The interactive historical tour that guided participants of the popular Tour de Scarborough bike ride has been published online for anytime use. (Photo by Marvin Macaraig)

When Tim Lang, manager of the Sustainability Office at U of T Scarborough, began organizing the first Tour de Scarborough cycling event, he would have been happy if there were 50 participants.

The tour, held on May 13, had 120 cyclists.

Among the riders was Professor Bruce Kidd, Vice-President, U of T and Principal, U of T Scarborough, who has lived over half of his life in Scarborough.

“It was such a joy to take this ride to both discover and reconnect with the beauty of Scarborough, especially with this historical information, much of which I did not know,” Kidd says.
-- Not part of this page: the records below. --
(* Let a group $G$ act 3-discontinuously on a compactum $T$, and let $A$ be a $G$-invariant set of self-linked entourages of $T$ consisting of finitely many $G$-orbits. Equip $\widetilde T=T\sqcup A$ with the subspace topology from $T\sqcup\mathrm{Ent}\,T$ (see context). Then the induced action of $G$ on $\widetilde T$ is 3-discontinuous, i.e. the induced action on the space $\Theta^3\widetilde T$ of 3-element subsets of $\widetilde T$ is properly discontinuous.
   Context: A compactum is a compact Hausdorff space with at least 3 points; an action is 3-discontinuous if the induced action on 3-element subsets is properly discontinuous. Let $S^2T$ be the space of unordered pairs of points of $T$ (diagonal pairs allowed), $\Delta^2T$ its diagonal. An entourage is a neighborhood of $\Delta^2T$ in $S^2T$; $\mathrm{Ent}\,T$ is the set of entourages. A set $U\subset T$ is $\mathbf e$-small if $\{x,y\}\in\mathbf e$ for all $x,y\in U$. Entourages $\mathbf a,\mathbf b$ are unlinked if $T=a\cup b$ for some $\mathbf a$-small $a$ and $\mathbf b$-small $b$, linked otherwise; $\mathbf a$ is self-linked if it is linked with itself. Topology on $T\sqcup\mathrm{Ent}\,T$: for $o\subset T$ let $\tilde o=o\cup\{\mathbf e\in\mathrm{Ent}\,T: T\setminus o\text{ is }\mathbf e\text{-small}\}$; a set $w\subset T\sqcup\mathrm{Ent}\,T$ is open iff for every $t\in w\cap T$ there is an open $o\subset T$ with $t\in o$ and $\tilde o\subset w$. (So each entourage is an isolated point and $T$ is a closed subspace.) $G$ acts on entourages through its action on $S^2T$. *)

From Stdlib Require Import List.


Definition topology (X : Type) := (X -> Prop) -> Prop.

Definition is_topology {X : Type} (tX : topology X) : Prop :=
  tX (fun _ => True) /\
  (forall U V, tX U -> tX V -> tX (fun x => U x /\ V x)) /\
  (forall F : (X -> Prop) -> Prop, (forall U, F U -> tX U) ->
      tX (fun x => exists U, F U /\ U x)).

Definition compact {X : Type} (tX : topology X) (K : X -> Prop) : Prop :=
  forall F : (X -> Prop) -> Prop,
    (forall U, F U -> tX U) ->
    (forall x, K x -> exists U, F U /\ U x) ->
    exists l : list (X -> Prop),
      (forall U, In U l -> F U) /\ (forall x, K x -> exists U, In U l /\ U x).

Definition hausdorff {X : Type} (tX : topology X) : Prop :=
  forall x y, x <> y -> exists U V, tX U /\ tX V /\ U x /\ V y /\
     (forall z, U z -> V z -> False).

Definition compactum {X : Type} (tX : topology X) : Prop :=
  is_topology tX /\ hausdorff tX /\ compact tX (fun _ => True) /\
  exists a b c : X, a <> b /\ a <> c /\ b <> c.

Definition subspace {Y : Type} (tY : topology Y) (P : Y -> Prop)
  : topology {y : Y | P y} :=
  fun U => exists V, tY V /\ forall z, U z <-> V (proj1_sig z).

Record group := Group {
  gcar :> Type;
  gmul : gcar -> gcar -> gcar;
  gone : gcar;
  ginv : gcar -> gcar;
  gmulA : forall x y z, gmul x (gmul y z) = gmul (gmul x y) z;
  gmul1 : forall x, gmul gone x = x;
  gmulV : forall x, gmul (ginv x) x = gone }.

(* an action of G on X by homeomorphisms (each act g is continuous,
   with continuous inverse act (ginv g)) *)
Record action (G : group) (X : Type) (tX : topology X) := Action {
  act :> G -> X -> X;
  act1 : forall x, act (gone G) x = x;
  actM : forall g h x, act (gmul G g h) x = act g (act h x);
  act_cont : forall g U, tX U -> tX (fun x => U (act g x)) }.
Arguments action G {X} tX.
Arguments act {G X tX} _ _ _.

Definition is3set {X : Type} (S : X -> Prop) (a b c : X) : Prop :=
  a <> b /\ a <> c /\ b <> c /\ forall x, S x <-> (x = a \/ x = b \/ x = c).

Definition Theta3 (X : Type) :=
  {S : X -> Prop | exists a b c, is3set S a b c}.

(* quotient topology of (X^3 minus the big diagonal) by the symmetric group *)
Definition theta3_top {X : Type} (tX : topology X) : topology (Theta3 X) :=
  fun W => forall (S : Theta3 X) a b c, W S -> is3set (proj1_sig S) a b c ->
    exists Ua Ub Uc, tX Ua /\ tX Ub /\ tX Uc /\ Ua a /\ Ub b /\ Uc c /\
      forall (S' : Theta3 X) x y z, Ua x -> Ub y -> Uc z ->
        is3set (proj1_sig S') x y z -> W S'.

(* The action of G on X is given as a relation R g x y ("g maps x to y");
   S' = g S in Theta3 X *)
Definition moves3 {G X : Type} (R : G -> X -> X -> Prop) (g : G)
  (S S' : Theta3 X) : Prop :=
  forall x, proj1_sig S' x <-> exists y, proj1_sig S y /\ R g y x.

Definition three_discontinuous {G X : Type} (tX : topology X)
  (R : G -> X -> X -> Prop) : Prop :=
  forall K : Theta3 X -> Prop, compact (theta3_top tX) K ->
    exists l : list G, forall g,
      (exists S S', K S /\ K S' /\ moves3 R g S S') -> In g l.

(* subsets of S^2 T are represented by symmetric relations on T *)
Definition symmetric {T : Type} (E : T -> T -> Prop) : Prop :=
  forall x y, E x y -> E y x.

Definition prod_open {T : Type} (tT : topology T) (W : T -> T -> Prop) : Prop :=
  forall x y, W x y -> exists U V, tT U /\ tT V /\ U x /\ V y /\
    forall x' y', U x' -> V y' -> W x' y'.

(* E is a neighbourhood of the diagonal in S^2 T: it contains an open
   subset of S^2 T (a symmetric set open in T x T) containing the diagonal *)
Definition entourage {T : Type} (tT : topology T) (E : T -> T -> Prop) : Prop :=
  symmetric E /\
  exists W, symmetric W /\ prod_open tT W /\ (forall x, W x x) /\
    (forall x y, W x y -> E x y).

Definition Ent {T : Type} (tT : topology T) := {E : T -> T -> Prop | entourage tT E}.

Definition small {T : Type} (E : T -> T -> Prop) (U : T -> Prop) : Prop :=
  forall x y, U x -> U y -> E x y.

Definition unlinked {T : Type} (E F : T -> T -> Prop) : Prop :=
  exists a b : T -> Prop, small E a /\ small F b /\ forall x, a x \/ b x.

Definition linked {T : Type} (E F : T -> T -> Prop) : Prop := ~ unlinked E F.

Definition self_linked {T : Type} (E : T -> T -> Prop) : Prop := linked E E.

(* image of a set of pairs under f (action of G on S^2 T) *)
Definition rel_img {T : Type} (f : T -> T) (E : T -> T -> Prop) : T -> T -> Prop :=
  fun x y => exists x' y', E x' y' /\ x = f x' /\ y = f y'.

Definition TEnt {T : Type} (tT : topology T) := (T + Ent tT)%type.

Definition tilde_top {T : Type} (tT : topology T) : topology (TEnt tT) :=
  fun w => forall t, w (inl t) ->
    exists o, tT o /\ o t /\ (forall x, o x -> w (inl x)) /\
      (forall e : Ent tT, small (proj1_sig e) (fun x => ~ o x) -> w (inr e)).

Definition inTA {T : Type} (tT : topology T) (A : Ent tT -> Prop) (z : TEnt tT) : Prop :=
  match z with inl _ => True | inr e => A e end.

Definition Ttilde {T : Type} (tT : topology T) (A : Ent tT -> Prop) :=
  {z : TEnt tT | inTA tT A z}.

Definition Ttilde_top {T : Type} (tT : topology T) (A : Ent tT -> Prop)
  : topology (Ttilde tT A) := subspace (tilde_top tT) (inTA tT A).

Definition TEnt_rel {G : group} {T : Type} {tT : topology T} (a : action G tT)
  (g : G) (z z' : TEnt tT) : Prop :=
  match z, z' with
  | inl x, inl y => y = a g x
  | inr e, inr e' => forall x y, proj1_sig e' x y <-> rel_img (a g) (proj1_sig e) x y
  | _, _ => False
  end.

Definition Ttilde_rel {G : group} {T : Type} {tT : topology T} (a : action G tT)
  (A : Ent tT -> Prop) (g : G) (z z' : Ttilde tT A) : Prop :=
  TEnt_rel a g (proj1_sig z) (proj1_sig z').

From Stdlib Require Import List Classical FunctionalExtensionality PropExtensionality ProofIrrelevance.
Import ListNotations.

(* Let K be a compact set of triples of T~ = T ⊔ A.  Fix an open entourage V, smaller than one
   separating three given points of T, such that the members of every triple in K are pairwise
   V-separated: no ball V(p) touches two of them, and no ball V(p) contains two of them (an
   entourage e touches V(p) if V(p) is not e-small, and lies within V(p) if the complement of
   V(p) is e-small).  Compactness of K reduces this to a neighbourhood of a single triple, where it
   follows from self-linkedness.  Now take D with D^4 ⊆ V.  The triples of pairwise D-far points of
   T form a compact set, so by 3-discontinuity of T only finitely many g map such a triple to such
   a triple, and every other g contracts: it maps the complement of some ball V(r) into some ball
   V(b).  Such a g cannot map a V-separated triple onto a V-separated triple, since two points of
   the first avoid V(r), so that their images lie within V(b). *)

Lemma list_filter_prop {A : Type} (Q : A -> Prop) (l : list A) :
  exists l', forall x, In x l' <-> In x l /\ Q x.
Proof.
  induction l as [|x l [l' IH]].
  - exists nil; simpl; tauto.
  - destruct (classic (Q x)) as [Qx|nQx].
    + exists (x :: l'); intro y; simpl; rewrite IH.
      split; [intros [<-|?]|intros [[<-|?] ?]]; tauto.
    + exists l'; intro y; simpl; rewrite IH.
      split; [|intros [[<-|?] ?]]; tauto.
Qed.

Lemma finite_choice {A B : Type} (R : A -> B -> Prop) (l : list A) :
  (forall x, In x l -> exists y, R x y) ->
  exists m : list B, (forall x, In x l -> exists y, In y m /\ R x y) /\
                     (forall y, In y m -> exists x, In x l /\ R x y).
Proof.
  induction l as [|x l IH]; intro hl.
  - exists nil; split; intros _ [].
  - destruct (hl x (or_introl eq_refl)) as [y hy].
    destruct IH as [m [hm1 hm2]]; [intros; apply hl; right; assumption|].
    exists (y :: m); split.
    + intros x' [<-|hx']; [exists y; simpl; auto|].
      destruct (hm1 x' hx') as [y' [? ?]]; exists y'; simpl; auto.
    + intros y' [<-|hy']; [exists x; simpl; auto|].
      destruct (hm2 y' hy') as [x' [? ?]]; exists x'; simpl; auto.
Qed.

Lemma pred_ext {X : Type} (P Q : X -> Prop) : (forall x, P x <-> Q x) -> P = Q.
Proof.
  intro h; apply functional_extensionality; intro x; apply propositional_extensionality, h.
Qed.

Lemma proj1_sig_inj {X : Type} {P : X -> Prop} (u v : sig P) : proj1_sig u = proj1_sig v -> u = v.
Proof. apply eq_sig_hprop; intros; apply proof_irrelevance. Qed.

Lemma proj1_sig_neq {X : Type} {P : X -> Prop} (u v : sig P) : u <> v -> proj1_sig u <> proj1_sig v.
Proof. intros nuv E; apply nuv, proj1_sig_inj, E. Qed.

(** * Open sets and open entourages *)

Section OpenSets.
Context {X : Type} (tX : topology X) (htX : is_topology tX).

Lemma open_full : tX (fun _ => True).
Proof. apply htX. Qed.

Lemma openI U V : tX U -> tX V -> tX (fun x => U x /\ V x).
Proof. apply htX. Qed.

Lemma open_union (F : (X -> Prop) -> Prop) :
  (forall U, F U -> tX U) -> tX (fun x => exists U, F U /\ U x).
Proof. apply htX. Qed.

Lemma open_ext U V : tX U -> (forall x, U x <-> V x) -> tX V.
Proof. intros hU hUV; rewrite <- (pred_ext U V hUV); exact hU. Qed.

Lemma open_bigI (l : list (X -> Prop)) :
  (forall U, In U l -> tX U) -> tX (fun x => forall U, In U l -> U x).
Proof.
  induction l as [|U l IH]; intro hl.
  - apply (open_ext _ _ open_full); split; [intros _ _ []|auto].
  - apply (open_ext (fun x => U x /\ forall V, In V l -> V x)).
    + apply openI; [apply hl; left; reflexivity|].
      apply IH; intros; apply hl; right; assumption.
    + intro x; simpl; split; [intros [Ux hx] V [<-|hV]; [exact Ux|exact (hx V hV)]|].
      intro h; split; [apply h; left; reflexivity|intros V hV; apply h; right; exact hV].
Qed.

Lemma compact_complement O :
  compact tX (fun _ => True) -> tX O -> compact tX (fun x => ~ O x).
Proof.
  intros hc hO F hF hcov.
  destruct (hc (fun U => F U \/ U = O)) as [l [hl hlcov]].
  - intros U [?| ->]; auto.
  - intros x _; destruct (classic (O x)) as [Ox|nOx]; [exists O; auto|].
    destruct (hcov x nOx) as [U [? ?]]; exists U; auto.
  - destruct (list_filter_prop F l) as [l' hl'].
    exists l'; split; [intros U hU; apply hl', hU|].
    intros x nOx; destruct (hlcov x I) as [U [hU Ux]].
    exists U; split; [|assumption]; apply hl'; split; [assumption|].
    destruct (hl U hU) as [?| ->]; tauto.
Qed.

End OpenSets.

Definition relI {T : Type} (V W : T -> T -> Prop) x y := V x y /\ W x y.
Definition rel_bigI {T : Type} (l : list (T -> T -> Prop)) x y := forall V, In V l -> V x y.
Definition open_entourage {T : Type} (tT : topology T) (V : T -> T -> Prop) :=
  symmetric V /\ prod_open tT V /\ forall x, V x x.

Definition chain2 {T : Type} (D : T -> T -> Prop) x z := exists y, D x y /\ D y z.
Definition chain3 {T : Type} (D : T -> T -> Prop) x z := exists y, D x y /\ chain2 D y z.
Definition chain4 {T : Type} (D : T -> T -> Prop) x z := exists y, D x y /\ chain3 D y z.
The 35-kilometre ride visited seven key historical points around Scarborough. Participants were guided by a website with an interactive map, pictures and descriptions of the stops, and a nine-part audio tour. 
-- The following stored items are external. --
Section staircase.
Context {R : realFieldType} (f : R -> R) (t : nat -> R).
Hypotheses (f0 : f 0 = 0) (f_homo : forall {a b}, 0 <= a -> a <= b -> f a <= f b).
Hypotheses (t0 : t 0 = 0) (t_homo : forall k, t k <= t k.+1).

Definition staircase (m : nat) (w : R) : R :=
  \sum_(k < m) (f (t k.+1) - f (t k)) * (t k.+1 <= w)%R%:R.

Let t_ge0 k : 0 <= t k.
Proof. by elim: k => [|k IH]; [rewrite t0 | exact: le_trans (t_homo k)]. Qed.

Let staircaseS m w : staircase m.+1 w =
  staircase m w + (f (t m.+1) - f (t m)) * (t m.+1 <= w)%R%:R.
Proof. by rewrite /staircase big_ord_recr. Qed.

Lemma staircase_le m w : 0 <= w -> staircase m w <= f w.
Proof.
move=> w0; suff : staircase m w <= if t m <= w then f (t m) else f w.
  by case: ifP => // tw /le_trans; apply; exact: f_homo.
elim: m => [|m IH]; first by rewrite /staircase big_ord0 t0 w0 f0.
rewrite staircaseS; have := f_homo (t_ge0 m) (t_homo m).
case: (leP (t m.+1) w) => [tSw|wtS]; case: (leP (t m) w) => tw /= in IH *.
- by rewrite mulr1; lra.
- by have := lt_le_trans tw (le_trans (t_homo m) tSw); rewrite ltxx.
- by rewrite mulr0 addr0 => _; exact: le_trans IH (f_homo (t_ge0 m) tw).
- by rewrite mulr0 addr0.
Qed.

Lemma staircase_ge m w e : 0 <= w -> w <= t m -> 0 <= e ->
  (forall k, (k < m)%N -> f (t k.+1) - f (t k) <= e) ->
  f w - e <= staircase m w.
Proof.
move=> w0 wtm e0 step.
suff : (if t m <= w then f (t m) else f w - e) <= staircase m w.
  case: ifP => [tmw|//]; have -> : w = t m by apply/eqP; rewrite eq_le wtm.
  lra.
elim: m step {wtm} => [|m IH] step; first by rewrite /staircase big_ord0 t0 w0 f0.
rewrite staircaseS; have {}IH := IH (fun k km => step k (ltnW km)).
have := step m (ltnSn m).
case: (leP (t m.+1) w) => [tSw|wtS]; case: (leP (t m) w) => tw /= in IH *.
- by rewrite mulr1; lra.
- by have := lt_le_trans tw (le_trans (t_homo m) tSw); rewrite ltxx.
- by rewrite mulr0 addr0; have := f_homo w0 (ltW wtS); lra.
- by rewrite mulr0 addr0.
Qed.

End staircase.

Section competence_layers.
Context {R : realFieldType} (N : nat).
Hypothesis N_gt0 : (0 < N)%N.

Definition half_grid (k : nat) : R := k%:R / (2 * N%:R).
After the ride, organizers announced that website, Scarborough Crossroads, would be available for public access—offering those who live and visit Scarborough an opportunity to travel the route and learn about its history at any time. 

“It’s really the beginning of a bigger project where people can highlight historical points around Scarborough,” Lang says. “The tour gives a sense of an independent Scarborough history that isn’t just the history of Scarborough as an appendix to Toronto.”

Lang proposed the Tour de Scarborough through the U of T Scarborough Canada 150 Fund, a fund available to staff, faculty and students for unique projects that reflect on the past, present and future of the campus and its location. The Sustainability Office partnered with the Department of Athletics and Recreation, Scarborough Cycles and Toronto Police Services to host the event.

The guided tour and website were created by The Scarborough Historical Society, in collaboration with undergraduate students from the Department of Historical and Cultural Studies and Associate Professor Christine Berkowitz

“We looked for a combination of Indigenous, settler and more modern suburban history, choosing stories that would be engaging and might not be well-known to people,” Berkowitz says.

Berkowitz added there is potential for student researchers to grow the route, create new routes and add to the site. She says it may expand to include thematic or neighbourhood tours and work with residents sharing memories of Scarborough locations.

“I want to engage students in meaningful, ongoing research projects rather than one-time projects that fit the short, 12-week [semester],” Berkowitz says. “We could see the potential to continue to develop a collection of Scarborough-focused research projects.” 

Four undergraduate students helped research, write and develop the website. Tyler Webb designed the interactive map and the audio tours were narrated by Zahra Rajabi and Pirouz Salari. Adrian Agrippa, a fourth-year history student, was the web designer for Scarborough Crossroads.


“(Scarborough Crossroads) allows for the histories that are less known to be presented and publicized,” Agrippa says. “There is so much that can be shared through it. Even within just the Scarborough community, there is a rich and hidden history that is waiting to be told, or rather, toured.”

Agrippa says the site can be a useful medium for more than the ride, like examining migration patterns and development patterns over time in Scarborough.

“It feels like a positive first step in conceptualizing ongoing undergraduate research projects,” Berkowitz says. “I do think the idea has potential and hope to explore it further.”